Lemma mm_image_kron a' b' c' a b c d' e' f' d e f
    (Phi : 'I_a' -> 'I_b' -> 'I_a -> 'I_b -> R) (Psi : 'I_b' -> 'I_c' -> 'I_b -> 'I_c -> R)
    (Chi : 'I_a' -> 'I_c' -> 'I_a -> 'I_c -> R)
    (Phi' : 'I_d' -> 'I_e' -> 'I_d -> 'I_e -> R) (Psi' : 'I_e' -> 'I_f' -> 'I_e -> 'I_f -> R)
    (Chi' : 'I_d' -> 'I_f' -> 'I_d -> 'I_f -> R) i0 j0 j1 l1 i l :
  mm_image (kron Phi Phi') (kron Psi Psi') (kron Chi Chi') i0 j0 j1 l1 i l =
  mm_image Phi Psi Chi (unpair i0).1 (unpair j0).1 (unpair j1).1 (unpair l1).1
    (unpair i).1 (unpair l).1 *
  mm_image Phi' Psi' Chi' (unpair i0).2 (unpair j0).2 (unpair j1).2 (unpair l1).2
    (unpair i).2 (unpair l).2.
Proof.
rewrite /mm_image big_distrlr sum_mxvec_index; apply: eq_bigr => o1 _; apply: eq_bigr => t1 _.
rewrite big_distrlr sum_mxvec_index; apply: eq_bigr => o2 _; apply: eq_bigr => t2 _.
rewrite big_distrlr sum_mxvec_index; apply: eq_bigr => o3 _; apply: eq_bigr => t3 _.
by rewrite /kron !mxvec_indexK /=; ring.
Qed.

Lemma mm_tensor_kron a b c d e f i0 j0 j1 l1 i l :
  @mm_tensor (a * d) (b * e) (c * f) i0 j0 j1 l1 i l =
  mm_tensor (unpair i0).1 (unpair j0).1 (unpair j1).1 (unpair l1).1 (unpair i).1 (unpair l).1 *
  mm_tensor (unpair i0).2 (unpair j0).2 (unpair j1).2 (unpair l1).2 (unpair i).2 (unpair l).2.
Proof. by rewrite /mm_tensor !kdelta_unpair; ring. Qed.

End MatrixMultiplicationTensor.

Arguments kdelta {R T}.
Arguments kdeltaC {R T}.
Arguments mm_tensor {R a b c}.
Arguments unit_map {R m n}.

Section BilinearAlgorithms.
Variable K : fieldType.
Implicit Types a b c r : nat.

Definition alg_tensor a b c r (alpha : 'I_r -> 'I_a -> 'I_b -> K)
    (beta : 'I_r -> 'I_b -> 'I_c -> K) (gamma : 'I_r -> 'I_a -> 'I_c -> K)
    i0 j0 j1 l1 i l : K :=
  \sum_k alpha k i0 j0 * beta k j1 l1 * gamma k i l.

Definition bilinear_form a b c (T : 'I_a -> 'I_b -> 'I_b -> 'I_c -> 'I_a -> 'I_c -> K)
    (A : algType K) (x : 'I_a -> 'I_b -> A) (y : 'I_b -> 'I_c -> A) i l : A :=
  \sum_i' \sum_j \sum_j' \sum_l' T i' j j' l' i l *: (x i' j * y j' l').

Lemma mm_bilinear_form a b c (A : algType K) (x : 'I_a -> 'I_b -> A) y i l :
  \sum_(j < b) x i j * y j l = bilinear_form (@mm_tensor K a b c) x y i l.
Proof.
rewrite /bilinear_form exchange_big; apply: eq_bigr => j _ /=.
rewrite -[LHS](sum_kdelta3Z i j l (fun i' j' l' => x i' j * y j' l')).
by do 3 (apply: eq_bigr => ? _); rewrite /mm_tensor (kdeltaC i) (kdeltaC j) (kdeltaC l).
Qed.

Lemma alg_bilinear_form a b c r alpha beta gamma (A : algType K)
    (x : 'I_a -> 'I_b -> A) (y : 'I_b -> 'I_c -> A) i l :
  \sum_(k < r) gamma k i l *: ((\sum_i' \sum_j alpha k i' j *: x i' j) *
                               (\sum_j \sum_l' beta k j l' *: y j l')) =
  bilinear_form (alg_tensor alpha beta gamma) x y i l.
Proof.
transitivity (\sum_(k < r) \sum_i' \sum_j \sum_j' \sum_l'
  (alpha k i' j * beta k j' l' * gamma k i l) *: (x i' j * y j' l')).
  apply: eq_bigr => k _; rewrite mulr_suml scaler_sumr; apply: eq_bigr => i' _.
  rewrite mulr_suml scaler_sumr; apply: eq_bigr => j _.
  rewrite mulr_sumr scaler_sumr; apply: eq_bigr => j' _.
  rewrite mulr_sumr scaler_sumr; apply: eq_bigr => l' _.
  by rewrite -scalerAl -scalerAr !scalerA; congr (_ *: _); ring.
do 4 (rewrite exchange_big; apply: eq_bigr => ? _).
by rewrite /alg_tensor scaler_suml.
Qed.

Definition comp_coef r m n m' n' (alpha : 'I_r -> 'I_m' -> 'I_n' -> K)
    (Phi : 'I_m' -> 'I_n' -> 'I_m -> 'I_n -> K) (k : 'I_r) (I : 'I_m) (J : 'I_n) : K :=
  \sum_i' \sum_j' alpha k i' j' * Phi i' j' I J.

Lemma comp_coef_unit r m n (alpha : 'I_r -> 'I_m -> 'I_n -> K) k I J :
  comp_coef alpha unit_map k I J = alpha k I J.
Proof.
rewrite /comp_coef /unit_map.
under eq_bigr => i' _ do under eq_bigr => j' _ do rewrite mulrC -mulrA.
by under eq_bigr => i' _ do rewrite -mulr_sumr sum_kdelta; rewrite sum_kdelta.
Qed.

Lemma alg_tensor_comp a' b' c' a b c r alpha beta gamma
    (Phi : 'I_a' -> 'I_b' -> 'I_a -> 'I_b -> K) (Psi : 'I_b' -> 'I_c' -> 'I_b -> 'I_c -> K)
    (Chi : 'I_a' -> 'I_c' -> 'I_a -> 'I_c -> K) :
  @bilinear_alg K a' b' c' r alpha beta gamma -> forall i0 j0 j1 l1 i l,
  alg_tensor (comp_coef alpha Phi) (comp_coef beta Psi) (comp_coef gamma Chi) i0 j0 j1 l1 i l =
  mm_image Phi Psi Chi i0 j0 j1 l1 i l.
Proof.
move=> mulE i0 j0 j1 l1 i l.
have {}mulE i' l' := mulE K^o (fun i' j' => Phi i' j' i0 j0) (fun j' l' => Psi j' l' j1 l1) i' l'.
transitivity (\sum_i' \sum_l' (\sum_j' Phi i' j' i0 j0 * Psi j' l' j1 l1) * Chi i' l' i l);
  last by apply: eq_bigr => i' _; rewrite exchange_big; apply: eq_bigr => l' _; rewrite mulr_suml.
under eq_bigr => i' _ do under eq_bigr => l' _ do rewrite mulE mulr_suml.
rewrite /alg_tensor; under eq_bigr => i' _ do rewrite exchange_big.
rewrite exchange_big; apply: eq_bigr => k _ /=.
rewrite /comp_coef [in LHS]mulrC mulr_suml; apply: eq_bigr => i' _.
by rewrite mulr_suml; apply: eq_bigr => l' _; rewrite /GRing.scale /=; ring.
Qed.

Lemma bilinear_algP a b c r alpha beta gamma :
  @bilinear_alg K a b c r alpha beta gamma <->
  forall i0 j0 j1 l1 i l, alg_tensor alpha beta gamma i0 j0 j1 l1 i l = mm_tensor i0 j0 j1 l1 i l.
Proof.
split=> [mulE i0 j0 j1 l1 i l | tensorE A x y i l].
  rewrite -mm_image_unit -(alg_tensor_comp _ _ _ mulE).
  by apply: eq_bigr => k _; rewrite !comp_coef_unit.
rewrite mm_bilinear_form alg_bilinear_form.
by do 4 (apply: eq_bigr => ? _); rewrite tensorE.
Qed.

Lemma bilinear_alg_cycle a b c r alpha beta gamma :
  @bilinear_alg K a b c r alpha beta gamma ->
  @bilinear_alg K b c a r beta (fun k l i => gamma k i l) (fun k j i => alpha k i j).
Proof.
move/bilinear_algP=> tensorE; apply/bilinear_algP => j0 l0 l1 i1 j l.
transitivity (alg_tensor alpha beta gamma l j j0 l0 i1 l1); first by apply: eq_bigr => k _; ring.
by rewrite tensorE /mm_tensor (kdeltaC i1) (kdeltaC l1); ring.
Qed.

Definition cat_coef (X : Type) r1 r2 (f1 : 'I_r1 -> X) (f2 : 'I_r2 -> X) (k : 'I_(r1 + r2)) : X :=
  match split k with inl k1 => f1 k1 | inr k2 => f2 k2 end.

Lemma alg_tensor_cat a b c r1 r2 alpha1 beta1 gamma1 alpha2 beta2 gamma2 i0 j0 j1 l1 i l :
  @alg_tensor a b c (r1 + r2) (cat_coef alpha1 alpha2) (cat_coef beta1 beta2)
    (cat_coef gamma1 gamma2) i0 j0 j1 l1 i l =
  alg_tensor alpha1 beta1 gamma1 i0 j0 j1 l1 i l + alg_tensor alpha2 beta2 gamma2 i0 j0 j1 l1 i l.
Proof.
rewrite /alg_tensor big_split_ord /cat_coef.
by congr (_ + _); apply: eq_bigr => k _; rewrite ?(unsplitK (inl _ k)) ?(unsplitK (inr _ k)).
Qed.

Definition tensor_rank_le a b c (T : 'I_a -> 'I_b -> 'I_b -> 'I_c -> 'I_a -> 'I_c -> K) r :=
  exists alpha beta gamma, forall i0 j0 j1 l1 i l,
    @alg_tensor a b c r alpha beta gamma i0 j0 j1 l1 i l = T i0 j0 j1 l1 i l.

Lemma has_bilinear_algE a b c r :
  has_bilinear_alg K a b c r <-> tensor_rank_le (@mm_tensor K a b c) r.
Proof. by split=> -[alpha [beta [gamma /bilinear_algP]]]; exists alpha, beta, gamma. Qed.

Lemma tensor_rank_le_ext a b c (T T' : 'I_a -> 'I_b -> 'I_b -> 'I_c -> 'I_a -> 'I_c -> K) r :
  (forall i0 j0 j1 l1 i l, T i0 j0 j1 l1 i l = T' i0 j0 j1 l1 i l) ->
  tensor_rank_le T r -> tensor_rank_le T' r.
Proof.
move=> eqT [alpha [beta [gamma tensorE]]]; exists alpha, beta, gamma => *.
by rewrite tensorE eqT.
Qed.

Lemma tensor_rank_le_image a' b' c' a b c r alpha beta gamma
    (Phi : 'I_a' -> 'I_b' -> 'I_a -> 'I_b -> K) (Psi : 'I_b' -> 'I_c' -> 'I_b -> 'I_c -> K)
    (Chi : 'I_a' -> 'I_c' -> 'I_a -> 'I_c -> K) :
  @bilinear_alg K a' b' c' r alpha beta gamma -> tensor_rank_le (mm_image Phi Psi Chi) r.
Proof.
by move=> mulE; exists (comp_coef alpha Phi), (comp_coef beta Psi), (comp_coef gamma Chi);
  exact: alg_tensor_comp.
Qed.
--*--
About this exercise: When a line in the listing has the word "exists", return that line.

Task response:
  exists alpha beta gamma, forall i0 j0 j1 l1 i l,
Proof. by split=> -[alpha [beta [gamma /bilinear_algP]]]; exists alpha, beta, gamma. Qed.
move=> eqT [alpha [beta [gamma tensorE]]]; exists alpha, beta, gamma => *.
by move=> mulE; exists (comp_coef alpha Phi), (comp_coef beta Psi), (comp_coef gamma Chi);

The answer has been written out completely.